Der Projektverlauf im Spiegel der Presse

Reporter bei der Arbeit

Die Mitwirkenden und Unterstützer

 

 

 

 

 

Porträts und Geschichten: Beispiele

Anal mele panithuli

Ich tanze und singe gerne. Das Lied „anal mele panithuli“ habe ich bei einer Freundin kennengelernt. Alle tamilischen Mädchen haben eine große Feier, wenn sie die Tage bekommen.
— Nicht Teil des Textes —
Definition L24 := mx_of_fn 24 (signed_perm_fn
  [:: 20; 7; 5; 19; 6; 2; 4; 1; 9; 8; 16; 13; 15; 11; 21; 12; 10; 22; 23; 3; 0; 14; 17; 18]%N
  [:: 1; -1; 1; -1; 1; -1; -1; 1; 1; -1; -1; 1; 1; -1; 1; -1; 1; 1; 1; 1; -1; -1; -1; -1]).

Ltac mx_of_fn_compute :=
  rewrite /anticomm_mx /comm_mx ?W24E ?tr_mx_of_fn ?mul_mx_of_fn ?scalar_mx_of_fn
          ?opp_mx_of_fn;
  apply: mx_of_fn_eq; vm_compute.

Lemma W24_skew : W24^T = - W24.
Proof. by mx_of_fn_compute. Qed.

Lemma W24_sqr : W24 *m W24 = - 23%:M.
Proof. by mx_of_fn_compute. Qed.

Lemma JKL_skew : [/\ J24^T = - J24, K24^T = - K24 & L24^T = - L24].
Proof. by split; mx_of_fn_compute. Qed.

Lemma JKL_sqr : [/\ J24 *m J24 = - 1%:M, K24 *m K24 = - 1%:M & L24 *m L24 = - 1%:M].
Proof. by split; mx_of_fn_compute. Qed.

Lemma JKL_anticomm : [/\ anticomm_mx J24 K24, anticomm_mx J24 L24 & anticomm_mx K24 L24].
Proof. by split; mx_of_fn_compute. Qed.

Lemma JKL_comm_W24 : [/\ comm_mx J24 W24, comm_mx K24 W24 & comm_mx L24 W24].
Proof. by split; mx_of_fn_compute. Qed.

(** * Frames in Construction A *)

Lemma pchar_Z3 : 3%N \in [pchar 'Z_3].
Proof. exact: pchar_Fp. Qed.

Lemma rho3_intr (z : int) : (3 %| z - rho3 z%:~R)%Z.
Proof. by rewrite (dvdz_pcharf pchar_Z3) rmorphB /= /rho3 -pmulrn natr_Zp subrr. Qed.

Lemma A3_intmx (R : rcfType) (N : nat) (C : {set 'rV['Z_3]_N}) (v : 'rV[int]_N) :
  map_mx (fun z : int => z%:~R) v \in C ->
  @A3 R N C ((Num.sqrt 3)^-1 *: map_mx (fun z : int => z%:~R) v).
Proof.
move=> vC; exists (map_mx (fun z : int => z%:~R) v); split => //.
exists (map_mx (fun z => ((z - rho3 z%:~R) %/ 3)%Z) v).
congr (_ *: _); apply/matrixP=> i j; rewrite !mxE.
by rewrite mulrC divzK ?rho3_intr // addrC subrK.
Qed.

Lemma has_frame_of_intmx (R : rcfType) (N : nat) (C : {set 'rV['Z_3]_N})
    (V : 'M[int]_N) (k : nat) :
  (forall i, map_mx (fun z : int => z%:~R) (row i V) \in C) ->
  V *m V^T = (3 * k)%:R%:M -> has_frame (@A3 R N C) k.
Proof.
move=> VC VVt; pose s : R := (Num.sqrt 3)^-1.
exists (fun i => s *: map_mx (fun z : int => z%:~R) (row i V)); split.
  by move=> i; apply: A3_intmx.
move=> i j; rewrite /dotR.
under eq_bigr => l _ do rewrite !mxE mulrACA -intrM.
rewrite -mulr_sumr -rmorph_sum /=.
have -> : \sum_(l < N) V i l * V j l = (V *m V^T) i j.
  by rewrite !mxE; apply: eq_bigr => l _; rewrite mxE.
have s2 : s * s = 3^-1 by rewrite -invfM -expr2 sqr_sqrtr // ler0n.
rewrite VVt mxE s2; case: eqP => _ /=; last by rewrite mulr0.
by rewrite mulr1n natz -!pmulrn natrM mulKf // pnatr_eq0.
Qed.

Definition design24 (t0 t1 t2 t3 t4 t5 : int) : 'M[int]_(24 + 24) :=
  orth_block (t0%:M + t1 *: W24) (t2%:M + (t3 *: J24 + t4 *: K24 + t5 *: L24)).

Lemma design24_mul_tr t0 t1 t2 t3 t4 t5 :
  design24 t0 t1 t2 t3 t4 t5 *m (design24 t0 t1 t2 t3 t4 t5)^T =
  (t0 ^+ 2 + 23 * t1 ^+ 2 + t2 ^+ 2 + t3 ^+ 2 + t4 ^+ 2 + t5 ^+ 2)%:M.
Proof.
have [trJ trK trL] := JKL_skew; have [sqrJ sqrK sqrL] := JKL_sqr.
have [antiJK antiJL antiKL] := JKL_anticomm; have [JW KW LW] := JKL_comm_W24.
have trW : (t1 *: W24)^T = - (t1 *: W24) by rewrite linearZ /= W24_skew scalerN.
have sqrW : (t1 *: W24) *m (t1 *: W24) = - (23 * t1 ^+ 2)%:M.
  by rewrite -scalemxAl -scalemxAr scalerA W24_sqr scalerN scale_scalar_mx mulrC expr2.
have [PPt PtP] := scalar_add_skew_mul_tr t0 trW sqrW.
have [QQt QtQ] := scalar_add_skew_mul_tr t2 (tr_quat trJ trK trL t3 t4 t5)
                    (sqr_quat sqrJ sqrK sqrL antiJK antiJL antiKL t3 t4 t5).
apply: orth_block_mul_tr.
- by apply/comm_scalar_add/comm_mx_sym/comm_mxZr; apply: comm_quat.
- by rewrite PPt QQt -raddfD /=; congr scalar_mx; ring.
- by rewrite PtP QtQ -raddfD /=; congr scalar_mx; ring.
Qed.

Lemma design24_rows_in_C3W (a t1 t2 b c d : int) (i : 'I_(24 + 24)) : (3 %| t2 - t1)%Z ->
  map_mx (fun z : int => z%:~R) (row i (design24 (3 * a) t1 t2 (3 * b) (3 * c) (3 * d)))
    \in C3W.
Proof.
move=> t21.
have three0 (z : int) : ((3 * z)%:~R : 'Z_3) = 0.
  by apply/eqP; rewrite -(dvdz_pcharf pchar_Z3) dvdz_mulr.
have t2E : (t2%:~R : 'Z_3) = t1%:~R.
  by apply/eqP; rewrite -subr_eq0 -rmorphB /= -(dvdz_pcharf pchar_Z3).
set W' := map_mx (fun z : int => z%:~R : 'Z_3) W24.
have W'2 : W' *m W' = 1%:M.
  by rewrite -map_mxM W24_sqr map_mxN map_scalar_mx -raddfN /=; congr scalar_mx; apply: val_inj.
have W'tr : W'^T = - W' by rewrite map_trmx -map_mxN -W24_skew.
rewrite map_row.
have -> : map_mx (fun z : int => z%:~R) (design24 (3 * a) t1 t2 (3 * b) (3 * c) (3 * d)) =
          t1%:~R *: (col_mx W' (- 1%:M) *m GenC3).
  rewrite /design24 /orth_block /GenC3 mul_col_row map_block_mx scale_block_mx.
  rewrite !map_mxN -!map_trmx !(map_mxD, map_mxZ, map_scalar_mx) /= !three0 t2E -/W'.
  rewrite !scale0r !addr0 raddf0 add0r W'2 mulmx1 mulNmx mul1mx linearZ /= W'tr.
  by rewrite tr_scalar_mx mulNmx mul1mx !scalerN scale_scalar_mx mulr1.
by rewrite scalemxAl row_mul inE; apply/existsP; eexists.
Qed.

Lemma norm_form_repr (k : nat) : (3 <= k)%N -> k \notin [:: 4; 5; 7; 10]%N ->
  exists a t1 t2 b c d : int, (3 %| t2 - t1)%Z /\
    (3 * a) ^+ 2 + 23 * t1 ^+ 2 + t2 ^+ 2 + (3 * b) ^+ 2 + (3 * c) ^+ 2 + (3 * d) ^+ 2
    = (3 * k)%N.
Proof.
rewrite !inE => k_ge3 k_notin; have k_eq := divn_eq k 3.
have := ltn_mod k 3; case: (k %% 3)%N k_eq => [|[|[|//]]] k_eq _.
- have [a [b [c [d E]]]] := sum4sq_nat (k %/ 3).
  exists a, 0, 0, b, c, d; split; first by rewrite subr0 dvdz0.
  by rewrite !exprMn; lia.
- have [a [b [c [d E]]]] := sum4sq_nat (k %/ 3 - 4).
  exists a, 1, 4, b, c, d; split; first by [].
  by rewrite !exprMn; lia.
- have [a [b [c [d E]]]] := sum4sq_nat (k %/ 3 - 2).
  exists a, 1, 1, b, c, d; split; first by rewrite subrr dvdz0.
  by rewrite !exprMn; lia.
Qed.

Theorem lemma5p1 (R : rcfType) (k : nat) :
  (3 <= k)%N ->
  ~ (exists m1 m2 m3 m4 : nat, k = (2 ^ m1 * 5 ^ m2 * 7 ^ m3 * 23 ^ m4)%N) ->
  has_frame (@A3 R _ C3W) k.
Proof.
move=> k_ge3 not_form.
have k_notin : k \notin [:: 4; 5; 7; 10]%N.
  apply/negP; rewrite !inE => /or4P[] /eqP k_eq; apply: not_form; rewrite k_eq.
  - by exists 2%N, 0%N, 0%N, 0%N.
  - by exists 0%N, 1%N, 0%N, 0%N.
  - by exists 0%N, 0%N, 1%N, 0%N.
  - by exists 1%N, 1%N, 0%N, 0%N.
have [a [t1 [t2 [b [c [d [t21 norm]]]]]]] := norm_form_repr k_ge3 k_notin.
apply: (@has_frame_of_intmx R _ _ (design24 (3 * a) t1 t2 (3 * b) (3 * c) (3 * d))).
  by move=> i; apply: design24_rows_in_C3W.
by rewrite design24_mul_tr norm natz.
Qed.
Dort wird viel gegessen, es kommen ganz viele Leute und das Mädchen darf zum ersten Mal einen Sari anziehen. Meine Freundin hat dieses Lied bei ihrem Pubertätsfest vorgesungen und es hat mir sofort gefallen. Es ist eher ruhig und hört sich ein bisschen traurig an.

Ich tanze auch gern tamilisch. Eigentlich ist das komisch, weil man ja noch nie dort war und auch nicht wirklich weiß, wie die leben. Aber meine Eltern haben es mir erzählt und ich habe auch ein Buch, das ein tamilischer Junge geschrieben hat.

Piraarthana Ravishangar, 11 Jahre, Schülerin

 

 

 

Die Fahnen hoch

ER:
Wenn eine Versammlung war, wurde zum Schluss aufgestanden und das Deutschlandlied und „Die Fahnen hoch“ gesungen.

SIE:
Erst „Die Fahnen hoch“ und dann das Deutschlandlied.

ER:
Für mich war's lästig. Für mich war der ganze Komiss lästig, von Anfang an bis zu Ende. Die Einschränkung der Freiheit.

SIE:
Wenn man marschiert ist, wurde auch gesungen. Wir sind ja ewig marschiert.

ER:
Das waren so Kampflieder, die waren eigentlich ein Vorbote für alles, was dann später passiert ist.

Willi Knecht, 89 Jahre, Rentner
Alice Knecht, 88 Jahre, Rentner

 

 

 

Hier ist ein Mensch

Die Katze hat meinen Nachbarn gehört, die haben hier vis–à–vis gewohnt und sind nach Jugoslawien gefahren, in Urlaub. Das Kätzchen blieb hier, für sich alleine.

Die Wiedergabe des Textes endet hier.